Note the Identity column used as the Primary Key

Here’s the SQL script to represent the table where the different client databases will be uploaded:

Code Snippet
  1. SET ANSI_NULLS ON
  2. GO
  3.  
  4. SET QUOTED_IDENTIFIER ON
  5. GO
  6.  
  7. SET ANSI_PADDING ON
  8. GO
  9.  
  10. CREATE TABLE [dbo].[TestTable](
  11.     [ClientId] [uniqueidentifier] NOT NULL,
  12.     [Id] [int] NOT NULL,
  13.     [testcolumn] [varchar](50) NULL
  14. CONSTRAINT [PK_TestTable] PRIMARY KEY CLUSTERED
  15. (
  16.     [ClientId] ASC,
  17.     [Id] ASC
  18.   )WITH (PAD_INDEX  = OFF, STATISTICS_NORECOMPUTE  = OFF, IGNORE_DUP_KEY = OFF, ALLOW_ROW_LOCKS  = ON, ALLOW_PAGE_LOCKS= ON) ON [PRIMARY]
  19. ) ON [PRIMARY]
  20.  
  21. GO
  22.  
  23. SET ANSI_PADDING OFF
  24. GO

Note the composite Primary Key which is based on the client’s original Id column and a ClientId GUID to uniquely identify each client.

Let’s provision the  client:

Code Snippet
  1. //setup the client connection
  2. var clientConn = new SqlConnection("Data Source=localhost; Initial Catalog=Client1; Integrated Security=True");
  3.  
  4. // define a new scope named TestScope
  5. var clientScope = new DbSyncScopeDescription("TestScope");
  6.  
  7. // get the description of the TestTable table from the client database
  8. var clientTable = SqlSyncDescriptionBuilder.GetDescriptionForTable("TestTable", clientConn);
  9.  
  10. // add the table description to the sync scope definition
  11. clientScope.Tables.Add(clientTable);
  12.  
  13. // create provisioning scope based on the scope definition
  14. var clientProvision = new SqlSyncScopeProvisioning(clientConn, clientScope);
  15.  
  16. if (!clientProvision.ScopeExists("TestScope"))
  17. {
  18.     // skipping the creation of table since table already exists on client
  19.     clientProvision.SetCreateTableDefault(DbSyncCreationOption.Skip);
  20.                 
  21.     //apply the scope definition
  22.     clientProvision.Apply();
  23. }

Let’s provision the server:

Code Snippet
  1. //setup the server connection
  2. var serverConn = new SqlConnection("Data Source=localhost; Initial Catalog=Aggregator; Integrated Security=True");
  3.             
  4. // define a new scope named TestScope
  5. var scopeDesc = new DbSyncScopeDescription("TestScope");
  6.  
  7. // get the description of the TestTable table from the server database
  8. var tableDesc = SqlSyncDescriptionBuilder.GetDescriptionForTable("TestTable", serverConn);
  9.             
  10. // add the table description to the sync scope definition
  11. scopeDesc.Tables.Add(tableDesc);
  12.             
  13. // create provisioning scope based on the scope definition
  14. var serverProvision = new SqlSyncScopeProvisioning(serverConn, scopeDesc);
  15.  
  16. if (!serverProvision.ScopeExists("TestScope"))
  17. {
  18.     // skipping the creation of table since table already exists on server
  19.     serverProvision.SetCreateTableDefault(DbSyncCreationOption.Skip);
  20.  
  21.     //apply the scope definition
  22.     serverProvision.Apply();
  23. }

The above provisioning script actually looks exactly the same except that they’re ran against different connections and the client and server GetDescriptionForTable calls will retrieve different table structures and PKs.

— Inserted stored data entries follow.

(* Let $p$ be a prime, $d\ge2$, $1\le k<d$, and write $x=(x_1,x_2)\in\mathbb{Z}_p^k\times\mathbb{Z}_p^{d-k}$. Let $A=\mathbb{Z}_p^k\times\{0\}\subseteq\mathbb{Z}_p^d$ and $B=\{0\}\times\mathbb{Z}_p^{d-k}\subseteq\mathbb{Z}_p^d$, and let $g\in L^2(\mathbb{Z}_p^d)$ with $\|g\|_2=1$. Then the Gabor system $\mathcal{G}(g,A,B)$ is an orthonormal basis of $L^2(\mathbb{Z}_p^d)$ if and only if both of the following hold: (a) for every $x_2\in\mathbb{Z}_p^{d-k}$, the function $m\mapsto\left|\sum_{x_1\in\mathbb{Z}_p^k}g(x_1,x_2)\chi(-x_1\cdot m)\right|$ is constant on $\mathbb{Z}_p^k$ (the constant may depend on $x_2$); (b) the function $x_2\mapsto\sum_{x_1\in\mathbb{Z}_p^k}|g(x_1,x_2)|^2$ is constant on $\mathbb{Z}_p^{d-k}$.
   Context: $\mathbb{Z}_p^n$ is the $n$-dimensional vector space over the field $\mathbb{Z}_p$ ($p$ prime), $x\cdot b=\sum_i x_ib_i$, and $\chi(t)=e^{2\pi i t/p}$. $L^2(\mathbb{Z}_p^d)$ is the space of functions $\mathbb{Z}_p^d\to\mathbb{C}$ with inner product $\langle f,h\rangle=\sum_{x} f(x)\overline{h(x)}$. The Gabor system is $\mathcal{G}(g,A,B)=\{x\mapsto g(x-a)\chi(x\cdot b)\}_{a\in A,\ b\in B}$. *)

(* Z_p^n = 'rV['F_p]_n, functions valued in algC (complex algebraic numbers). *)
From HB Require Import structures.
From mathcomp Require Import all_boot all_order all_algebra all_field.
Set Implicit Arguments. Unset Strict Implicit. Unset Printing Implicit Defensive.
Import Order.TTheory GRing.Theory Num.Theory.
Local Open Scope ring_scope.

(* e^{2 pi i / p}: p.-root (-1) is the p-th root of -1 of minimal nonnegative
   argument, namely e^{i pi / p}; its square is e^{2 pi i / p}. *)
Definition zeta (p : nat) : algC := (p.-root (-1)) ^+ 2.

Definition chi (p : nat) (t : 'F_p) : algC := zeta p ^+ (val t).

Definition dotp (p n : nat) (x b : 'rV['F_p]_n) : 'F_p := \sum_(i < n) x 0 i * b 0 i.

Definition inner (p n : nat) (f h : 'rV['F_p]_n -> algC) : algC :=
  \sum_(x : 'rV['F_p]_n) f x * (h x)^*.

Definition gabor (p n : nat) (g : 'rV['F_p]_n -> algC) (a b : 'rV['F_p]_n) :
  'rV['F_p]_n -> algC := fun x => g (x - a) * chi (dotp x b).

Definition is_ONB (p n : nat) (T : finType) (I : {set T})
  (e : T -> 'rV['F_p]_n -> algC) : Prop :=
  (forall i j, i \in I -> j \in I -> inner (e i) (e j) = (i == j)%:R) /\
  (forall f : 'rV['F_p]_n -> algC, exists c : T -> algC,
     forall x, f x = \sum_(i in I) c i * e i x).

Definition gabor_ONB (p n : nat) (g : 'rV['F_p]_n -> algC)
  (A B : {set 'rV['F_p]_n}) : Prop :=
  is_ONB (setX A B) (fun ab => gabor g ab.1 ab.2).

Definition setA (p k l : nat) : {set 'rV['F_p]_(k + l)} :=
  [set row_mx a1 (0 : 'rV['F_p]_l) | a1 : 'rV['F_p]_k].
Definition setB (p k l : nat) : {set 'rV['F_p]_(k + l)} :=
  [set row_mx (0 : 'rV['F_p]_k) b2 | b2 : 'rV['F_p]_l].

From HB Require Import structures.
From mathcomp Require Import all_boot all_order all_algebra all_field.
Set Implicit Arguments. Unset Strict Implicit. Unset Printing Implicit Defensive.
Import Order.TTheory GRing.Theory Num.Theory.
Local Open Scope ring_scope.

(* Let H_x2(t) = sum_y g(y + t, x2) g(y, x2)^* be the autocorrelation of the
   slice x1 |-> g(x1, x2).  Its Fourier transform in t is the squared modulus
   of the Fourier transform of the slice, so (a) says that H_x2 is supported
   at t = 0, and (b) says that H_x2(0) does not depend on x2, hence equals
   p^-l because ||g|| = 1.  The inner product of two Gabor atoms is the Fourier
   transform in x2 of H_x2(a1' - a1), so orthonormality is also equivalent to
   H_x2(t) = [t = 0] p^-l; under this condition the reproducing formula
   sum_i e_i(y)^* e_i(x) = [x = y] holds, which gives completeness. *)

Section Character.
Variable p : nat.
Hypothesis hp : prime p.

Lemma zetaXp : zeta p ^+ p = 1.
Proof. by rewrite /zeta -exprM mulnC exprM rootCK ?prime_gt0 // sqrrN expr1n. Qed.

Lemma zeta_neq1 : zeta p != 1.
Proof.
rewrite /zeta sqrf_eq1 negb_or; apply/andP; split.
  by rewrite rootC_eq1 ?prime_gt0 // eq_sym -addr_eq0 (_ : 1 + 1 = 2%:R) // pnatr_eq0.
apply/eqP=> h; have := rootC_lt0 (-1 : algC) (prime_gt1 hp).
by rewrite h oppr_lt0 ltr01.
Qed.

Lemma chi0 : chi (0 : 'F_p) = 1.
Proof. by rewrite /chi expr0. Qed.

Lemma chiD (s t : 'F_p) : chi (s + t) = chi s * chi t.
Proof.
have val_add : val (s + t) = ((val s + val t) %% p)%N.
  by rewrite /=; congr (_ %% _)%N; exact: Fp_cast.
by rewrite /chi val_add (expr_mod _ zetaXp) exprD.
Qed.

Lemma chi1_neq1 : chi (1 : 'F_p) != 1.
Proof. by rewrite /chi /= modn_small // expr1 zeta_neq1. Qed.

Lemma conj_chi (t : 'F_p) : (chi t)^* = chi (- t).
Proof.
have norm_zeta : `|zeta p| = 1.
  by apply/eqP; rewrite -(pexpr_eq1 (n := p)) ?prime_gt0 // -normrX zetaXp normr1.
have /esym : `|chi t| ^+ 2 = chi t * (chi t)^* by rewrite normCK.
rewrite /chi normrX norm_zeta !expr1n -/(chi t) => chi_conj.
by rewrite -[LHS]mul1r -[1](chi0) -(addNr t) chiD -mulrA chi_conj mulr1.
Qed.

End Character.

Section DotProduct.
Variables (p n : nat).
Implicit Types x y b : 'rV['F_p]_n.

Lemma dotpC x b : dotp x b = dotp b x.
Proof. by rewrite /dotp; apply: eq_bigr => i _; rewrite mulrC. Qed.

Lemma dotpDl x y b : dotp (x + y) b = dotp x b + dotp y b.
Proof. by rewrite /dotp -big_split; apply: eq_bigr => i _; rewrite mxE mulrDl. Qed.

Lemma dotpNl x b : dotp (- x) b = - dotp x b.
Proof. by rewrite /dotp -sumrN; apply: eq_bigr => i _; rewrite mxE mulNr. Qed.

Lemma dotpBl x y b : dotp (x - y) b = dotp x b - dotp y b.
Proof. by rewrite dotpDl dotpNl. Qed.

Lemma dotpDr x y b : dotp b (x + y) = dotp b x + dotp b y.
Proof. by rewrite dotpC dotpDl -!(dotpC b). Qed.

Lemma dotpNr x b : dotp b (- x) = - dotp b x.
Proof. by rewrite dotpC dotpNl dotpC. Qed.

Lemma dotp0l b : dotp 0 b = 0.
Proof. by rewrite /dotp big1 // => i _; rewrite mxE mul0r. Qed.

Lemma dotp0r b : dotp b 0 = 0.
Proof. by rewrite dotpC dotp0l. Qed.

End DotProduct.

Lemma dotp_row_mx p k l (x1 y1 : 'rV['F_p]_k) (x2 y2 : 'rV['F_p]_l) :
  dotp (row_mx x1 x2) (row_mx y1 y2) = dotp x1 y1 + dotp x2 y2.
Proof.
rewrite /dotp big_split_ord /=; congr (_ + _); apply: eq_bigr => i _.
  by rewrite !row_mxEl.
by rewrite !row_mxEr.
Qed.

Section FourierAnalysis.
Variables (p n : nat).
Hypothesis hp : prime p.
Implicit Types (F : 'rV['F_p]_n -> algC) (x y v : 'rV['F_p]_n).

Lemma natr_expp_neq0 : (p ^ n)%:R != 0 :> algC.
Proof. by rewrite pnatr_eq0 expn_eq0 (gtn_eqF (prime_gt0 hp)). Qed.

Lemma sum_chi_dotp v :
  \sum_(s : 'rV['F_p]_n) chi (dotp v s) = (v == 0)%:R * (p ^ n)%:R.
Proof.
have [->|v_neq0] := eqVneq v 0.
  under eq_bigr do rewrite dotp0l chi0.
  by rewrite sumr_const card_mx card_Fp // mul1n mul1r.
rewrite mul0r.
have [i vi_neq0] : exists i, v 0 i != 0.
  apply/existsP; apply: contraNT v_neq0 => /existsPn v0; apply/eqP/rowP => j.
  by rewrite mxE; apply/eqP/negbNE/v0.
pose s0 : 'rV['F_p]_n := (v 0 i)^-1 *: delta_mx 0 i.
have dotp_s0 : dotp v s0 = 1.
  rewrite /dotp (bigD1 i) //= big1 => [|j /negbTE ji]; last by rewrite !mxE ji andbF !mulr0.
  by rewrite !mxE !eqxx mulr1 addr0 mulfV.
(* translating s by s0 multiplies the sum by chi 1 <> 1 *)
set S := \sum_s _; have : S = S * chi (1 : 'F_p).
  rewrite [in LHS]/S (reindex_inj (addIr s0)) /= /S mulr_suml; apply: eq_bigr => s _.
  by rewrite dotpDr dotp_s0 (chiD hp).
move/eqP; rewrite -subr_eq0 -{1}(mulr1 S) -mulrBr mulf_eq0 subr_eq0 [1 == _]eq_sym.
by rewrite (negbTE (chi1_neq1 hp)) orbF => /eqP.
Qed.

Since the client PK is only based on the Id column and the server has a composite key based on ClientId and Id, we need to inject the ClientId before the row get’s transmitted to the server.

The server provider needs both ClientId and Id to determine if it already has those rows.

So let’s try to inject a ClientId based on some arbitrary value (you can retrieve the ClientId whichever way you want, but for purposes of this test, we just hardcode a specific GUID).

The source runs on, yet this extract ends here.